Evidence concealed in Stevens corruption case, report says

WASHINGTON -- The government's botched corruption case against Alaska Sen. Ted Stevens was "permeated by the systematic concealment" of evidence favorable to his defense, a court-appointed investigator concluded in a report released today.

A jury convicted Stevens in 2008 on seven counts of lying on Senate financial disclosure statements. Days later, Stevens lost his Senate re-election bid. In 2009, federal Judge Emmet Sullivan threw out the conviction.

The 525-page report said the evidence prosecutors failed to disclose "seriously damaged the testimony and credibility of the government's key witness."

Stevens, who died in a plane crash in 2010, was accused of violating federal ethics laws by failing to disclose more than $250,000 in gifts and services he used to renovate his Girwood, Alaska, home. One of the key witnesses against him was former oilfield executive Bill Allen.

The report found that federal prosecutors made "astonishing misstatements" to Stevens' attorneys in an attempt to conceal information about their chief witness's role in pressing a child prostitute to sign a false declaration indicating that he never had sex with her when she was underage.

Prosecutors worried that this information might undermine his credibility in the case against Stevens and never disclosed it to Stevens' attorneys, the report says.

In addition, the investigation found that at least one prosecutor allowed Allen to lie in court. Allen's company paid for renovations to Stevens' home, and Stevens twice sent him letters asking to be billed for the work. Allen told jurors during Stevens' trial that the senator was "just covering his ass."

Allen testified that he had told investigators long before that Stevens didn't want to be billed, when in fact he revealed that information for the first time less than a week before the trial began. The report suggests that Stevens' attorneys could have used the fact to argue that his statement was false.

Assistant U.S. Attorney Joseph Bottini "knew the testimony was false and knew that he had an obligation … to correct that testimony there and then, but he did not," the report found. It said Bottini "endorsed and capitalized on Mr. Allen's false denial during his summation."

"The complete, simultaneous and long term memory failure by the entire prosecution team, four prosecutors and the FBI case agent, of the same statement about an important document made at the same meeting by their key witness in a high profile case is extraordinary," Schuelke's report said.
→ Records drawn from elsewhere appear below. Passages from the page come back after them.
Definition pseudo (t : tree) (F : seq nat) (v : nat) : bool :=
  (v \in nodes t) &&
  ((v \in F) || (steiner t F v && (degS t F v == 3))).

Definition tendon_ok (t : tree) (F : seq nat) (x y : nat) : bool :=
  [&& pseudo t F x, pseudo t F y, sanc t x y &
      all (fun z => (sanc t x z && sanc t z y) ==> ~~ pseudo t F z) (nodes t)].

Definition tendon (t : tree) (x y : nat) : seq nat :=
  [seq z <- nodes t | sanc t x z && sanc t z y].

(* half tendons: b = true gives tau^<_{x,y}, b = false gives tau^>_{x,y} *)
Definition half (t : tree) (x y : nat) (b : bool) : seq nat :=
  [seq z <- tendon t x y | if b then z < y else y < z].

Inductive hand_elt := PF of nat | HT of nat & nat & bool.

Definition in_hand (t : tree) (F : seq nat) (e : hand_elt) : bool :=
  match e with
  | PF f => pseudo t F f
  | HT x y b => tendon_ok t F x y && (half t x y b != [::])
  end.

Definition elt_nodes (t : tree) (e : hand_elt) : seq nat :=
  match e with PF f => [:: f] | HT x y b => half t x y b end.

Definition interval (t : tree) (e : hand_elt) : nat * nat :=
  let s := elt_nodes t e in (foldr minn (head 0 s) s, foldr maxn 0 s).

Definition disjoint_iv (a b : nat * nat) : bool := (a.2 < b.1) || (b.2 < a.1).

From Pilot Require Import Defs.
From mathcomp Require Import all_boot zify.
Set Implicit Arguments. Unset Strict Implicit. Unset Printing Implicit Defensive.

(* Since the root is a finger, the Steiner tree S(T,F) consists of the nodes
   lying above some finger.  A node of S(T,F) that lies below a tendon node
   but off the path to the lower end of the tendon would make the branching
   node of the two a degree-3 pseudofinger strictly inside the tendon, which is
   impossible.  Two consequences follow: every node of S(T,F) whose key lies
   between the smallest and the largest key of an element of E(T,F) belongs to
   that element, and distinct elements of E(T,F) share no node.  Two node sets
   of S(T,F) with these properties have disjoint key intervals. *)

Lemma mem_Node l k r x :
  (x \in nodes (Node l k r)) = [|| x == k, x \in nodes l | x \in nodes r].
Proof. by rewrite /= mem_cat in_cons orbCA. Qed.

Lemma bst_left l k r : bst (Node l k r) -> bst l.
Proof. by case/and4P. Qed.

Lemma bst_right l k r : bst (Node l k r) -> bst r.
Proof. by case/and4P. Qed.

Lemma bst_lt_left l k r x : bst (Node l k r) -> x \in nodes l -> x < k.
Proof. by case/and4P=> _ _ /allP lt_l _ /lt_l. Qed.

Lemma bst_gt_right l k r x : bst (Node l k r) -> x \in nodes r -> k < x.
Proof. by case/and4P=> _ _ _ /allP gt_r /gt_r. Qed.

Lemma bst_nodes_disjoint l k r x :
  bst (Node l k r) -> x \in nodes l -> x \in nodes r -> False.
Proof. by move=> tb /(bst_lt_left tb) + /(bst_gt_right tb); lia. Qed.

Lemma bst_mem_lt l k r y :
  bst (Node l k r) -> y \in nodes (Node l k r) -> y < k -> y \in nodes l.
Proof.
by move=> tb; rewrite mem_Node => /or3P[/eqP-> | // | /(bst_gt_right tb)]; lia.
Qed.

Lemma bst_mem_gt l k r y :
  bst (Node l k r) -> y \in nodes (Node l k r) -> k < y -> y \in nodes r.
Proof.
by move=> tb; rewrite mem_Node => /or3P[/eqP-> | /(bst_lt_left tb) | //]; lia.
Qed.

Lemma bst_uniq t : bst t -> uniq (nodes t).
Proof.
elim: t => //= l IHl k r IHr tb.
rewrite cat_uniq /= IHl ?IHr ?(bst_left tb) ?(bst_right tb) //= andbT negb_or.
have kr : k \notin nodes r by apply/negP=> /(bst_gt_right tb); rewrite ltnn.
rewrite kr andbT; apply/andP; split.
  by apply/negP=> /(bst_lt_left tb); rewrite ltnn.
by apply/hasPn=> x xr; apply/negP=> xl; apply: bst_nodes_disjoint tb xl xr.
Qed.

Lemma sub_notin t u : u \notin nodes t -> sub t u = Leaf.
Proof.
elim: t => // l IHl k r IHr; rewrite mem_Node !negb_or => /and3P[uk ul ur] /=.
by rewrite eq_sym (negbTE uk) IHl // IHr.
Qed.

Lemma sub_mem t u : u \in nodes t -> exists l r, sub t u = Node l u r.
Proof.
elim: t => // l IHl k r IHr; rewrite mem_Node /=.
have [->|uk] := eqVneq k u; first by exists l, r.
case: (boolP (u \in nodes l)) => [/IHl[a [b ->]] _ | /sub_notin-> /IHr //].
by exists a, b.
Qed.

Lemma sub_Node l k r u : u != k ->
  sub (Node l k r) u = if u \in nodes l then sub l u else sub r u.
Proof.
move=> uk /=; rewrite eq_sym (negbTE uk).
by case: ifP => [/sub_mem[a [b ->]] | /negbT/sub_notin->].
Qed.

Lemma sub_left l k r u :
  bst (Node l k r) -> u \in nodes l -> sub (Node l k r) u = sub l u.
Proof.
move=> tb ul; rewrite sub_Node ?ul //.
by apply: contraTneq ul => ->; apply/negP=> /(bst_lt_left tb); rewrite ltnn.
Qed.

Lemma sub_right l k r u :
  bst (Node l k r) -> u \in nodes r -> sub (Node l k r) u = sub r u.
Proof.
move=> tb ur; have ul : u \in nodes l = false.
  by apply/negP=> ul; apply: bst_nodes_disjoint tb ul ur.
rewrite sub_Node ?ul //.
by apply: contraTneq ur => ->; apply/negP=> /(bst_gt_right tb); rewrite ltnn.
Qed.

Lemma sub_eq_Node t u l w r : sub t u = Node l w r -> u \in nodes t /\ w = u.
Proof.
move=> tu; have ut : u \in nodes t by apply/negPn/negP=> /sub_notin; rewrite tu.
by split=> //; case: (sub_mem ut) => a [b]; rewrite tu => -[].
Qed.

Lemma sub_nodes t u : {subset nodes (sub t u) <= nodes t}.
Proof.
elim: t => //= l IHl k r IHr x; rewrite mem_cat in_cons.
case: eqP => [_|_]; first by rewrite mem_cat in_cons.
by case: (sub l u) IHl => [_ /IHr -> | a b c /(_ x) + xs]; rewrite ?orbT // => ->.
Qed.

Lemma bst_sub t u : bst t -> bst (sub t u).
Proof.
elim: t => //= l IHl k r IHr tb; case: eqP => // _.
by case: (sub l u) (IHl (bst_left tb)) => // _; apply: IHr (bst_right tb).
Qed.

Lemma sub_sub t u v : bst t -> v \in nodes (sub t u) -> sub (sub t u) v = sub t v.
Proof.
elim: t => // l IHl k r IHr tb.
have [->|uk] := eqVneq u k; first by rewrite /= eqxx.
rewrite sub_Node //; case: ifP => _ /[dup] vs /sub_nodes v_in.
  by rewrite sub_left // IHl // (bst_left tb).
by rewrite sub_right // IHr // (bst_right tb).
Qed.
It said prosecutors fretted repeatedly over the notes in which Stevens asked to be billed, "but no cure for the problem created by those notes for the government's case was found until the week before the trial began when Mr. Allen's memory suddenly improved, after prodding" by an FBI agent.

Bottini's lawyer, Kenneth Wainsten, maintained in a letter released Thursday that "Bottini's conduct throughout the Stevens prosecution was ethical, proper, and in keeping with his reputation for unimpeachable integrity and fairness."
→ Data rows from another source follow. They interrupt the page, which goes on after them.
(* Consider any iteration $(\ell,i)$ (Taylor or recursive) in the course of the MOFFTR algorithm described in the context. Then $\|s_{\ell,i}\|\le\alpha\,\|D(w_{\ell,i})\,|g_{\ell,i}|\,\|$.
   Context: Notation: $\|\cdot\|$ is the Euclidean norm (spectral norm for matrices); $|x|$ is the componentwise absolute value; for a positive vector $w$, $D(w)=\mathrm{diag}(1/w_1,\dots,1/w_m)$. Setting: $r\ge1$ levels; functions $f_\ell:\mathbb{R}^{n_\ell}\to\mathbb{R}$, $n_r=n$, $f_r=f$; for $\ell\ge2$ full-rank linear $R_\ell:\mathbb{R}^{n_\ell}\to\mathbb{R}^{n_{\ell-1}}$, $P_\ell:\mathbb{R}^{n_{\ell-1}}\to\mathbb{R}^{n_\ell}$ with $\omega P_\ell=R_\ell^T$, $\omega>0$. Algorithm MOFFTR$(\ell,h_\ell,x_{\ell,0},\epsilon_\ell,i^{\max}_\ell,\delta_\ell,w_{\ell,0})$ with constants $\kappa_R\in(0,1)$, $\alpha\ge1$, $\tau\in(0,1]$, $\kappa_B\ge1$, $\varsigma_j\in(0,1]$; $i=0$. Step 1: if $\ell<r$ and $\|P_{\ell+1}(x_{\ell,i}-x_{\ell,0})\|>\delta_\ell$, return $x_{\ell,i-1}$. Else $g_{\ell,i}=\nabla h_\ell(x_{\ell,i})$; if $\|g_{\ell,i}\|\le\epsilon_\ell$ or $i=i^{\max}_\ell$, return $x_{\ell,i}$. Step 2: $\widehat\Delta_{\ell,i}=D(w_{\ell,i})|g_{\ell,i}|$; $\Delta_{\ell,i}=\widehat\Delta_{\ell,i}$ if $\ell=r$, else $\Delta_{\ell,i}=\min[2\delta_\ell/(\|P_{\ell+1}\|\|\widehat\Delta_{\ell,i}\|),1]\widehat\Delta_{\ell,i}$. For $i>0$ choose $w_{\ell,i}$ with $w_{\ell,i,j}\ge\varsigma_j$. If a Taylor step is chosen, go to Step 4. Step 3: choose $w_{\ell-1,0}$ with $w_{\ell-1,0,j}\ge\varsigma_j$, a variant-dependent ''lower-level weights large enough'' condition, and $\|D(w_{\ell-1,0})|R_\ell g_{\ell,i}|\|\le\alpha\|\Delta_{\ell,i}\|/\|P_\ell\|$. If $\ell=1$ or $\sum_j[R_\ell g_{\ell,i}]_j^2/w_{\ell-1,0,j}<\kappa_R\sum_j g_{\ell,i,j}^2/w_{\ell,i,j}$, go to Step 4. Otherwise (recursive iteration) $s_{\ell,i}=P_\ell[\mathrm{MOFFTR}(\ell-1,h_{\ell-1},R_\ell x_{\ell,i},\epsilon_{\ell-1},i^{\max}_{\ell-1},\alpha\|\Delta_{\ell,i}\|,w_{\ell-1,0})-R_\ell x_{\ell,i}]$ with $h_{\ell-1}(x_{\ell-1,0}+s)=f_{\ell-1}(x_{\ell-1,0}+s)+(R_\ell g_{\ell,i}-\nabla f_{\ell-1}(x_{\ell-1,0}))^Ts$, $x_{\ell-1,0}=R_\ell x_{\ell,i}$; go to Step 5. Step 4 (Taylor iteration): symmetric $B$ with $\|B\|\le\kappa_B$; step $s$ with $|s_j|\le\Delta_{\ell,i,j}$ and $g^Ts+\frac12s^TBs\le\tau(g^Ts^Q+\frac12(s^Q)^TBs^Q)$, $s^L_j=-\mathrm{sign}(g_j)\Delta_{\ell,i,j}$, $s^Q=\gamma s^L$, $\gamma=\min[1,|g^Ts^L|/((s^L)^TBs^L)]$ if $(s^L)^TBs^L>0$, else $\gamma=1$. Step 5: $x_{\ell,i+1}=x_{\ell,i}+s_{\ell,i}$, $i\leftarrow i+1$, go to Step 1. Top-level call MOFFTR$(r,f,x_{r,0},\epsilon_r,i^{\max}_r,+\infty,w_{r,0})$, $h_r=f$. *)

From HB Require Import structures.
From mathcomp Require Import all_boot all_order all_algebra.
From mathcomp Require Import all_classical all_reals all_analysis.
Set Implicit Arguments. Unset Strict Implicit. Unset Printing Implicit Defensive.
Import Order.TTheory GRing.Theory Num.Theory.
Import numFieldNormedType.Exports.
Local Open Scope classical_set_scope.
Local Open Scope ring_scope.

Section MOFFTR.
Variable R : realType.

Definition enorm (n : nat) (v : 'cV[R]_n) : R := Num.sqrt (\sum_j (v j 0) ^+ 2).

Definition spnorm (m n : nat) (A : 'M[R]_(m, n)) : R :=
  sup [set enorm (A *m x) | x in [set x : 'cV[R]_n | enorm x <= 1]].

(** D(w)|g| : componentwise |g_j| / w_j. *)
Definition Dabs (n : nat) (w g : 'cV[R]_n) : 'cV[R]_n := \col_j (`|g j 0| / w j 0).

Definition dotv (n : nat) (u v : 'cV[R]_n) : R := \sum_j u j 0 * v j 0.

Definition qmodel (n : nat) (g : 'cV[R]_n) (B : 'M[R]_n) (s : 'cV[R]_n) : R :=
  dotv g s + 2^-1 * dotv s (B *m s).

Definition sLin (n : nat) (g D : 'cV[R]_n) : 'cV[R]_n :=
  \col_j (- Num.sg (g j 0) * D j 0).

Definition sQuad (n : nat) (g D : 'cV[R]_n) (B : 'M[R]_n) : 'cV[R]_n :=
  let sL := sLin g D in
  let c := dotv sL (B *m sL) in
  let gamma := if 0 < c then Num.min 1 (`|dotv g sL| / c) else 1 in
  gamma *: sL.

Definition taylor_step (tau kB : R) (n : nat) (g D s : 'cV[R]_n) : Prop :=
  exists B : 'M[R]_n,
    B^T = B /\ spnorm B <= kB /\
    (forall j, `|s j 0| <= D j 0) /\
    qmodel g B s <= tau * qmodel g B (sQuad g D B).

Variable r : nat.
Variable n : nat -> nat.
Variable Rm : forall l : nat, 'M[R]_(n l.-1, n l).
Variable Pm : forall l : nat, 'M[R]_(n l, n l.-1).
Variable gf : forall l : nat, 'cV[R]_(n l) -> 'cV[R]_(n l).
Variable eps : nat -> R.
Variable imax : nat -> nat.
Variables (kR alpha tau kB : R).
Variable vs : nat -> R.
(** the variant-dependent "lower-level weights large enough" condition,
    for a step at level k.+1 with weights w, gradient g and lower weights w0 *)
Variable LW : forall k : nat, 'cV[R]_(n k.+1) -> 'cV[R]_(n k.+1) -> 'cV[R]_(n k) -> Prop.

Definition Delta (k : nat) (delta : R) (Dh : 'cV[R]_(n k)) : 'cV[R]_(n k) :=
  if k == r then Dh
  else Num.min (2 * delta / (spnorm (Pm k.+1) * enorm Dh)) 1 *: Dh.

Arguments Delta : clear implicits.

(** Record of one iteration (level, w_{l,i}, g_{l,i}, s_{l,i}). *)
Definition iter_rec := {m : nat & ('cV[R]_(n m) * 'cV[R]_(n m) * 'cV[R]_(n m))%type}.

(** [mofftr k gh x0 delta w0 i xi xprev xout tr]: the main loop of
    MOFFTR(k, h_k, x0, eps_k, imax_k, delta, w0), where gh is the gradient
    of h_k, being at the start (Step 1) of iteration i with current point
    xi = x_{k,i} and previous point xprev = x_{k,i-1}, eventually returns
    xout; tr lists all iterations performed from here on, including those
    performed inside recursive calls. *)
Inductive mofftr : forall k : nat, ('cV[R]_(n k) -> 'cV[R]_(n k)) -> 'cV[R]_(n k) ->
    R -> 'cV[R]_(n k) -> nat -> 'cV[R]_(n k) -> 'cV[R]_(n k) -> 'cV[R]_(n k) ->
    seq iter_rec -> Prop :=
| ret_out (k : nat) (gh : 'cV[R]_(n k) -> 'cV[R]_(n k)) (x0 : 'cV[R]_(n k)) (delta : R)
    (w0 : 'cV[R]_(n k)) (i : nat) (xi xprev : 'cV[R]_(n k)) :
    (k < r)%N -> enorm (Pm k.+1 *m (xi - x0)) > delta ->
    @mofftr k gh x0 delta w0 i xi xprev xprev [::]
| ret_conv (k : nat) (gh : 'cV[R]_(n k) -> 'cV[R]_(n k)) (x0 : 'cV[R]_(n k)) (delta : R)
    (w0 : 'cV[R]_(n k)) (i : nat) (xi xprev : 'cV[R]_(n k)) :
    ((k < r)%N -> enorm (Pm k.+1 *m (xi - x0)) <= delta) ->
    (enorm (gh xi) <= eps k \/ i = imax k) ->
    @mofftr k gh x0 delta w0 i xi xprev xi [::]
| it_taylor (k : nat) (gh : 'cV[R]_(n k) -> 'cV[R]_(n k)) (x0 : 'cV[R]_(n k)) (delta : R)
    (w0 : 'cV[R]_(n k)) (i : nat) (xi xprev w s xout : 'cV[R]_(n k)) (tr : seq iter_rec) :
    ((k < r)%N -> enorm (Pm k.+1 *m (xi - x0)) <= delta) ->
    eps k < enorm (gh xi) -> i <> imax k ->
    (i = 0%N -> w = w0) -> ((0 < i)%N -> forall j : 'I_(n k), vs j <= w j 0) ->
    taylor_step tau kB (gh xi) (Delta k delta (Dabs w (gh xi))) s ->
    @mofftr k gh x0 delta w0 i.+1 (xi + s) xi xout tr ->
    @mofftr k gh x0 delta w0 i xi xprev xout
      (existT _ k (w, gh xi, s) :: tr)
| it_rec (k : nat) (gh : 'cV[R]_(n k.+1) -> 'cV[R]_(n k.+1)) (x0 : 'cV[R]_(n k.+1)) (delta : R)
    (w0 : 'cV[R]_(n k.+1)) (i : nat) (xi xprev w : 'cV[R]_(n k.+1))
    (w0' xout' : 'cV[R]_(n k)) (tr1 : seq iter_rec) (xout : 'cV[R]_(n k.+1)) (tr : seq iter_rec) :
    (1 <= k)%N ->
    ((k.+1 < r)%N -> enorm (Pm k.+2 *m (xi - x0)) <= delta) ->
    eps k.+1 < enorm (gh xi) -> i <> imax k.+1 ->
    (i = 0%N -> w = w0) -> ((0 < i)%N -> forall j : 'I_(n k.+1), vs j <= w j 0) ->
    let g := gh xi in
    let D := Delta k.+1 delta (Dabs w g) in
    (forall j : 'I_(n k), vs j <= w0' j 0) ->
    LW w g w0' ->
    enorm (Dabs w0' (Rm k.+1 *m g)) <= alpha * enorm D / spnorm (Pm k.+1) ->
    ~ (\sum_j (Rm k.+1 *m g) j 0 ^+ 2 / w0' j 0 < kR * \sum_j g j 0 ^+ 2 / w j 0) ->
    let x0' := Rm k.+1 *m xi in
    @mofftr k (fun y => @gf k y + (Rm k.+1 *m g - @gf k x0')) x0' (alpha * enorm D) w0'
      0 x0' x0' xout' tr1 ->
    let s := Pm k.+1 *m (xout' - x0') in
    @mofftr k.+1 gh x0 delta w0 i.+1 (xi + s) xi xout tr ->
    @mofftr k.+1 gh x0 delta w0 i xi xprev xout
      (existT _ k.+1 (w, g, s) :: tr1 ++ tr).

End MOFFTR.

From Pilot Require Import Defs.
From HB Require Import structures.
From mathcomp Require Import all_boot all_order all_algebra.
From mathcomp Require Import all_classical all_reals all_analysis.
Import Order.TTheory GRing.Theory Num.Theory.
Import numFieldNormedType.Exports.
Local Open Scope ring_scope.

(* A Taylor step lies in the box Delta, and Delta is D(w)|g| scaled by a factor
   in [0, 1], so its norm is at most that of D(w)|g|.  A recursive step is P
   applied to the displacement returned by the lower level, and every exit point
   of a call at level l < r stays within the radius alpha ||Delta|| that the call
   was given: Step 1 only returns a point already checked against that radius,
   or the previous one.  Since alpha >= 1, both kinds of step are bounded by
   alpha ||D(w)|g|||. *)

Section Norms.
Context {R : realType}.

Lemma enorm0 {m} : enorm (0 : 'cV[R]_m) = 0.
Proof. by rewrite /enorm big1 ?sqrtr0 // => j _; rewrite mxE expr0n. Qed.

Lemma enorm_ge0 {m} (v : 'cV[R]_m) : 0 <= enorm v.
Proof. exact: sqrtr_ge0. Qed.

Lemma enorm_le {m} (a b : 'cV[R]_m) :
  (forall j, `|a j 0| <= `|b j 0|) -> enorm a <= enorm b.
Proof.
move=> le_ab; rewrite /enorm ler_sqrt; last by apply: sumr_ge0 => j _; exact: sqr_ge0.
apply: ler_sum => j _.
by rewrite -(real_normK (num_real (a j 0))) -(real_normK (num_real (b j 0))) ler_sqr ?nnegrE.
Qed.

Lemma spnorm_ge0 {m p} (A : 'M[R]_(m, p)) : 0 <= spnorm A.
Proof.
rewrite /spnorm; set E := (X in sup X).
have [supE | /sup_out -> //] := pselect (has_sup E).
apply: le_trans (enorm_ge0 (A *m 0)) _; apply: sup_upper_bound => //.
by exists 0; rewrite //= enorm0.
Qed.

End Norms.

Section StepBound.
Context {R : realType} {r : nat} {n : nat -> nat}.
Context {Rm : forall l : nat, 'M[R]_(n l.-1, n l)} {Pm : forall l : nat, 'M[R]_(n l, n l.-1)}.
Context {gf : forall l : nat, 'cV[R]_(n l) -> 'cV[R]_(n l)}.
Context {eps : nat -> R} {imax : nat -> nat} {kR alpha tau kB : R} {vs : nat -> R}.
Context {LW : forall k : nat, 'cV[R]_(n k.+1) -> 'cV[R]_(n k.+1) -> 'cV[R]_(n k) -> Prop}.

Local Notation mofftr k := (@mofftr R r n Rm Pm gf eps imax kR alpha tau kB vs LW k).
Local Notation Delta k := (@Delta R r n Pm k).

Definition step_bounded (it : iter_rec R n) : Prop :=
  enorm (tagged it).2 <= alpha * enorm (Dabs (tagged it).1.1 (tagged it).1.2).

Lemma Delta_le k delta (v : 'cV[R]_(n k)) j :
  0 <= delta -> `|Delta k delta v j 0| <= `|v j 0|.
Proof.
move=> delta_ge0; rewrite /Defs.Delta; case: (k == r) => //.
set c := Num.min _ _.
have c_ge0 : 0 <= c.
  by rewrite le_min ler01 andbT !(divr_ge0, mulr_ge0) ?spnorm_ge0 ?enorm_ge0.
by rewrite mxE normrM ger0_norm // ler_piMl // ge_min lexx orbT.
Qed.

Lemma taylor_step_enorm_le {m} {g D s : 'cV[R]_m} :
  taylor_step tau kB g D s -> enorm s <= enorm D.
Proof.
case=> B [_ [_ [s_in_box _]]]; apply: enorm_le => j.
exact: le_trans (s_in_box j) (ler_norm _).
Qed.

Lemma mofftr_exit_within_radius {k gh x0 delta w0 i xi xprev xout tr} :
  mofftr k gh x0 delta w0 i xi xprev xout tr -> (k < r)%N ->
  enorm (Pm k.+1 *m (xprev - x0)) <= delta ->
  enorm (Pm k.+1 *m (xout - x0)) <= delta.
Proof.
elim=> {k gh x0 delta w0 i xi xprev xout tr} //.
- by move=> k gh x0 delta w0 i xi xprev xi_in _ k_lt_r _; apply: xi_in.
- move=> k gh x0 delta w0 i xi xprev w s xout tr xi_in _ _ _ _ _ _ IH k_lt_r _.
  exact: IH (xi_in k_lt_r).
- move=> k gh x0 delta w0 i xi xprev w w0' xout' tr1 xout tr _ xi_in.
  move=> _ _ _ _ g D _ _ _ _ x0' _ _ s _ IH k_lt_r _.
  exact: IH (xi_in k_lt_r).
Qed.

Lemma mofftr_call_displacement_le {k gh x0 delta w0 xout tr} :
  mofftr k gh x0 delta w0 0 x0 x0 xout tr -> (k < r)%N ->
  0 <= delta -> enorm (Pm k.+1 *m (xout - x0)) <= delta.
Proof.
move=> call k_lt_r delta_ge0; apply: mofftr_exit_within_radius call k_lt_r _.
by rewrite subrr mulmx0 enorm0.
Qed.

Hypothesis alpha_ge1 : 1 <= alpha.

Lemma mofftr_steps_bounded {k gh x0 delta w0 i xi xprev xout tr} :
  mofftr k gh x0 delta w0 i xi xprev xout tr ->
  (k <= r)%N -> 0 <= delta -> forall it, it \in tr -> step_bounded it.
Proof.
have alpha_ge0 : 0 <= alpha := le_trans ler01 alpha_ge1.
elim=> {k gh x0 delta w0 i xi xprev xout tr} //.
- move=> k gh x0 delta w0 i xi xprev w s xout tr _ _ _ _ _ taylor _ IH.
  move=> k_le_r delta_ge0 it; rewrite in_cons => /orP[/eqP -> | ]; last exact: IH.
  rewrite /step_bounded /=.
  apply: le_trans _ (ler_peMl (enorm_ge0 _) alpha_ge1).
  apply: le_trans (taylor_step_enorm_le taylor) _.
  by apply: enorm_le => j; exact: Delta_le.
- move=> k gh x0 delta w0 i xi xprev w w0' xout' tr1 xout tr _ _ _ _ _ _ g D.
  move=> _ _ _ _ x0' call IH1 s _ IH k_lt_r delta_ge0 it.
  have radius_ge0 : 0 <= alpha * enorm D by rewrite mulr_ge0 ?enorm_ge0.
  rewrite in_cons mem_cat => /orP[/eqP -> | /orP[]]; last 2 first.
  - exact: IH1 (ltnW k_lt_r) radius_ge0 it.
  - exact: IH.
  rewrite /step_bounded /=.
  apply: le_trans (mofftr_call_displacement_le call k_lt_r radius_ge0) _.
  by apply: ler_wpM2l => //; apply: enorm_le => j; exact: Delta_le.
Qed.

End StepBound.

Theorem lemma3p2 (R : realType) (r : nat) (n : nat -> nat)
  (Rm : forall l : nat, 'M[R]_(n l.-1, n l))
  (Pm : forall l : nat, 'M[R]_(n l, n l.-1))
  (f : forall l : nat, 'cV[R]_(n l) -> R)
  (gf : forall l : nat, 'cV[R]_(n l) -> 'cV[R]_(n l))
  (omega : R) (eps : nat -> R) (imax : nat -> nat)
  (kR alpha tau kB : R) (vs : nat -> R)
  (LW : forall k : nat, 'cV[R]_(n k.+1) -> 'cV[R]_(n k.+1) -> 'cV[R]_(n k) -> Prop)
  (x0 w0 xout : 'cV[R]_(n r)) (tr : seq (@iter_rec R n)) :
  (1 <= r)%N ->
  (forall l, (2 <= l <= r)%N -> \rank (Rm l) = minn (n l.-1) (n l)) ->
  0 < omega ->
  (forall l, (2 <= l <= r)%N -> omega *: Pm l = (Rm l)^T) ->
  (forall l x, (1 <= l <= r)%N -> differentiable (f l) x /\
      forall v, 'd (f l) x v = dotv (gf l x) v) ->
  0 < kR < 1 -> 1 <= alpha -> 0 < tau <= 1 -> 1 <= kB ->
  (forall j, 0 < vs j <= 1) ->
  (forall j, 0 < w0 j 0) ->
  @mofftr R r n Rm Pm gf eps imax kR alpha tau kB vs LW r
    (gf r) x0 0 w0 0 x0 x0 xout tr ->
  forall it, it \in tr ->
    enorm (tagged it).2 <= alpha * enorm (Dabs (tagged it).1.1 (tagged it).1.2).
Proof.
move=> _ _ _ _ _ _ alpha_ge1 _ _ _ _ run.
move=> it /(mofftr_steps_bounded alpha_ge1 run (leqnn r) (lexx _)).
by rewrite /step_bounded.
Qed.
Catherine Ann Stevens, Ted's wife, released a statement saying the family is "shocked by the depth and breadth of the government's misconduct."

Brendan Sullivan, one of Stevens' attorneys, said the misconduct documented in the report went far beyond what he had anticipated.

"I expected the worst, but the depth and breadth of the wrongdoing is shocking," he said. "It's the worst corruption in our generation at the Department of Justice."

The report was prepared at the request of Judge Sullivan by Washington attorney Henry Schuelke. Its findings had remained under seal since November while some of the prosecutors named in the case fought to keep it concealed.

The Justice Department has acknowledged that it failed to tell Stevens' lawyers about inconsistent statements Allen made to federal investigators. The Supreme Court has said since 1963 that prosecutors have a constitutional duty to disclose that type of evidence.

Schuelke's report said the prosecutors could not be charged with criminal contempt of court for their conduct because Sullivan had never given them a "clear and unequivocal" order that they "follow the law."

Justice Department spokeswoman Laura Sweeney said the department "cooperated fully" with the inquiry and is in the process of completing its own review of the matter.

Attorney General Eric Holder told senators at a hearing March 8 that the Justice Department's own investigation of what went wrong in Stevens' case is nearly complete and that the probe recommended disciplinary actions for at least some of the prosecutors involved. He said he intends to make as much of the department's investigation public as possible.

An investigation last year by USA TODAY found that the Justice Department usually took years to review instances of misconduct and that lawyers found by courts to have committed serious violations faced little risk of losing their jobs.